If you can’t do all of the above within 2-3 seconds, you should return your Edsel to the garage from whence you departed, never to put foot to accelerator again. Use public transportation and save lives and prevent the cost of blood pressure medication from skyrocketing.

A contributing factor to this phenomenon, aside from sheer incompetence behind the wheel, is the smart phone. You have been told not to text while driving. Fine. Unfortunately, you assume that it’s OK to text while sitting at a red light (see a previous blog entry), or at today’s subject, a STOP sign.
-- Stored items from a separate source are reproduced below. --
(* Eigenvalues are ordered by modulus, so the nonzero ones form a prefix. *)
Lemma nonzero_prefix j0 : (1 <= j0 <= N)%nat -> beta j0 <> 0 ->
  exists N', (j0 <= N' <= N)%nat /\ (forall j, (1 <= j <= N')%nat -> beta j <> 0) /\
             (forall j, (N' < j <= N)%nat -> beta j = 0).
Proof.
  intros Hj0 Hb.
  assert (Hpref : forall j1, (j0 <= j1 <= N)%nat -> beta j1 <> 0 -> forall j, (1 <= j <= j1)%nat -> beta j <> 0).
  { intros j1 Hj1 Hb1 j Hj Hbj. assert (Rabs (beta j1) <= Rabs (beta j)) by (apply abs_beta_antitone; lia).
    rewrite Hbj, Rabs_R0 in H. apply Hb1, eq0_of_Rabs_le0; auto. }
  assert (Main : forall k, (k <= N - j0)%nat -> (forall j, (j0 + k < j <= N)%nat -> beta j = 0) ->
     exists N', (j0 <= N' <= N)%nat /\ (forall j, (1 <= j <= N')%nat -> beta j <> 0) /\
                (forall j, (N' < j <= N)%nat -> beta j = 0)).
  { induction k; intros Hk Hz.
    - exists j0. split; [lia|]. split; [apply Hpref; auto; lia|]. intros j Hj. apply Hz. lia.
    - destruct (Req_EM_T (beta (j0 + S k)%nat) 0) as [Hz'|Hnz].
      + apply IHk; [lia|]. intros j Hj. destruct (Nat.eq_dec j (j0 + S k)); [subst; auto | apply Hz; lia].
      + exists (j0 + S k)%nat. split; [lia|]. split; [apply Hpref; auto; lia|]. intros j Hj; apply Hz; lia. }
  apply (Main (N - j0)%nat); [lia|]. intros; lia.
Qed.

Lemma disc_profile_le_of_beta_eq0 j0 c m : (1 <= j0 <= N)%nat -> rsum (j0 - 1) w <= c ->
  beta j0 = 0 -> m <> 0%nat -> disc_profile N w beta m <= c.
Proof.
  intros Hj0 Hp Hb Hm. unfold disc_profile.
  replace N with ((j0 - 1) + (N - (j0 - 1)))%nat at 1 by lia. rewrite rsum_split.
  rewrite (rsum_ext (N - (j0 - 1)) _ (fun _ => 0)).
  - rewrite rsum_const, Rmult_0_r, Rplus_0_r. apply Rle_trans with (2 := Hp).
    apply rsum_le. intros i Hi. assert (H := pow2_pow_le1 (beta (S i)) m (beta_le1 (S i) ltac:(lia))).
    specialize (w_nonneg i ltac:(lia)). nra.
  - intros i Hi. assert (Rabs (beta (S (j0 - 1 + i))) <= Rabs (beta j0)) by (apply abs_beta_antitone; lia).
    rewrite Hb, Rabs_R0 in H. rewrite (eq0_of_Rabs_le0 _ H), pow_i by lia. ring.
Qed.

(* On the prefix of nonzero eigenvalues the rates [- ln |beta j|] make [disc_profile]
   a [spec_profile] at integer times; the remaining terms vanish for [m > 0]. *)
Lemma disc_profile_le_of_beta_neq0 j0 c tau : (1 <= j0 <= N)%nat -> rsum (j0 - 1) w <= c ->
  0 < c -> c < rsum j0 w -> beta j0 <> 0 ->
  (forall j, (j0 <= j <= N)%nat -> ERle (erterm (ln (1 + rsum j w)) (lam_d beta j)) (Fin tau)) ->
  let l0 := - ln (Rabs (beta j0)) in
  0 < l0 /\ ln (1 + rsum j0 w) / (2 * l0) <= tau /\ 0 < tau /\
  forall m : nat, tau < INR m ->
    disc_profile N w beta m <= c + INR m / (INR m - tau) * exp (- (2 * l0) * (INR m - tau)).
Proof.
  intros Hj0 Hp Hc HcS Hb Hterm l0.
  destruct (nonzero_prefix j0 Hj0 Hb) as [N' [HN' [Hnz Hz]]].
  set (l := fun j => - ln (Rabs (beta j))).
  assert (Hl0 : forall j, (1 <= j <= N')%nat -> 0 <= l j).
  { intros j Hj. unfold l. assert (0 < Rabs (beta j)) by (apply Rabs_pos_lt; apply Hnz; auto).
    assert (ln (Rabs (beta j)) <= 0) by (rewrite <- ln_1; apply ln_le; auto; apply beta_le1; lia). lra. }
  assert (Hlt : forall j, (j0 <= j <= N')%nat -> 0 < l j /\ ln (1 + rsum j w) / (2 * l j) <= tau).
  { intros j Hj. specialize (Hterm j ltac:(lia)). unfold lam_d in Hterm.
    destruct (Req_EM_T (beta j) 0) as [E|_]; [exfalso; apply (Hnz j ltac:(lia) E)|].
    fold (l j) in Hterm. simpl in Hterm. destruct (Req_EM_T (l j) 0) as [E|Hne]; [simpl in Hterm; contradiction|].
    simpl in Hterm. split; auto. specialize (Hl0 j ltac:(lia)). lra. }
  assert (Hmono : forall j, (1 <= j)%nat -> (S j <= N')%nat -> l j <= l (S j)).
  { intros j H1 H2. unfold l. assert (0 < Rabs (beta (S j))) by (apply Rabs_pos_lt; apply Hnz; lia).
    assert (ln (Rabs (beta (S j))) <= ln (Rabs (beta j))) by (apply ln_le; auto; apply beta_mono; lia). lra. }
  destruct (Hlt j0 ltac:(lia)) as [Hl Ht].
  assert (Hpos : 0 < ln (1 + rsum j0 w) / (2 * l j0)).
  { apply Rdiv_lt_0_compat; [|lra]. rewrite <- ln_1. apply ln_increasing; lra. }
  split; auto. split; auto. split; [lra|].
  intros m Hm.
  assert (Hm0 : m <> 0%nat) by (intros ->; simpl in Hm; lra).
  unfold disc_profile. replace N with (N' + (N - N'))%nat at 1 by lia. rewrite rsum_split.
  rewrite (rsum_ext (N - N') _ (fun _ => 0)).
  2:{ intros i Hi. rewrite (Hz (S (N' + i))), pow_i by lia. ring. }
  rewrite rsum_const, Rmult_0_r, Rplus_0_r.
  change (rsum N' (fun i => w i * (beta (S i) ^ m) ^ 2)) with (disc_profile N' w beta m).
  replace (disc_profile N' w beta m) with (spec_profile N' w l (INR m)).
  2:{ apply rsum_ext. intros i Hi. rewrite pow2_pow_exp by (apply Hnz; lia). reflexivity. }
  apply (profile_le_split N' w l (fun i Hi => w_nonneg i ltac:(lia)) Hmono j0 c tau (INR m)); auto; try lra.
  - intros j Hj; apply Hlt; lia.
  - lia.
  - intros j Hj; apply Hlt; lia.
Qed.
End DiscreteProfile.

Lemma coefE_epsargE_ersqrt c A x : 0 <= c -> 0 < A ->
  0 <= coefE A (ersqrt x) /\ sqrt c <= epsargE c A (ersqrt x).
Proof.
  intros Hc HA. destruct x as [r|]; simpl; [|split; lra].
  assert (0 <= sqrt r) by apply sqrt_pos. split; [apply Rdiv_nonneg; lra|].
  apply sqrt_le_1_alt. assert (0 < A * exp (sqrt r * A)) by (apply Rmult_lt_0_compat; auto; apply exp_pos).
  assert (0 <= (A + sqrt r) / (A * exp (sqrt r * A))) by (apply Rdiv_nonneg; lra). lra.
Qed.

Section DiscreteTime.
Variables (n : nat) (K : nat -> nat -> R) (pi mu beta : nat -> R) (phi : nat -> nat -> R).
Hypothesis Hpi : is_pos_prob n pi.
Hypothesis Hmu : is_prob n mu.
Hypothesis HK : is_stochastic n K.
Hypothesis Heig : eigen_d n K pi beta phi.
Hypothesis two_le_n : (2 <= n)%nat.

Let w i := muphi n mu phi (S i) ^ 2.
Let N := (n - 1)%nat.

Lemma disc_w_nonneg i : (i < N)%nat -> 0 <= w i.
Proof. intros; apply pow2_ge_0. Qed.

Lemma disc_chi2 : pisq n pi (fun x => mu x / pi x) - 1 = Ssum n mu phi N /\
                  pisq n pi (fun x => mu x / pi x - 1) = Ssum n mu phi N.
Proof.
  rewrite chi2_shift by auto.
  destruct Hpi as [pi_pos _], Hmu as [_ mu_sum], Heig as [_ [orth [_ [phi0 _]]]].
  rewrite (chi2_eq_Ssum n pi phi pi_pos orth mu mu_sum phi0) by lia. auto.
Qed.

Lemma disc_beta_le1 j : (1 <= j <= N)%nat -> Rabs (beta j) <= 1.
Proof.
  intros Hj. destruct Hpi as [pi_pos _], Heig as [Hev [orth _]].
  apply (stochastic_eigenvalue_le1 n K pi phi beta j HK pi_pos).
  - intros x Hx. apply Hev; auto. unfold N in *; lia.
  - rewrite orth, Nat.eqb_refl by (unfold N in *; lia). auto.
Qed.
You neglect, as always, to check the rearview mirror to see if your smartphone-finger-banging will impede anyone else’s progress, and so you thumb your way through a message to Snookums about how much last night meant to you, and that next time you will bring along smaller-denomination currency to leave on the dresser. You can barely spell as it is, let alone using your Twinkie-padded (or, not to leave out our female motorists, your ridiculously-long-Vietnamese-da Vinci-painted nails – you do know that no heterosexual male finds ludicrously-overgrown fingernails attractive, don’t you?) uncoordinated digits to spell out your vehicular Ode on a Grecian Urn.

We (using the royal “We” in this case) will repeat the earlier-blogged admonition for those who are not following along, as they should. While in your vehicle – not just while you’re driving – don’t use the cell phone for anything other than vocal conversations, and only then if you have a working Bluetooth headset that keeps you from shoulder-wedging said phone while steering, applying makeup, and chain smoking.

This should prevent you from causing unnecessarily-protracted delays at our friend, Mr STOP Sign.

Of course, there will still be those of you afraid to get out on the road – yet you do so anyway – and therefore have to creep to a stop from some 50 yards away from the impending sign. Then, even with no one at any of the opposing other signs, spend an inordinate amount of time looking off into the distance for those rogue vehicles that just might come barreling towards you at 3MPH. We’ve talked about you before, and there is little we can do about you, except hunt you down and take away your keys.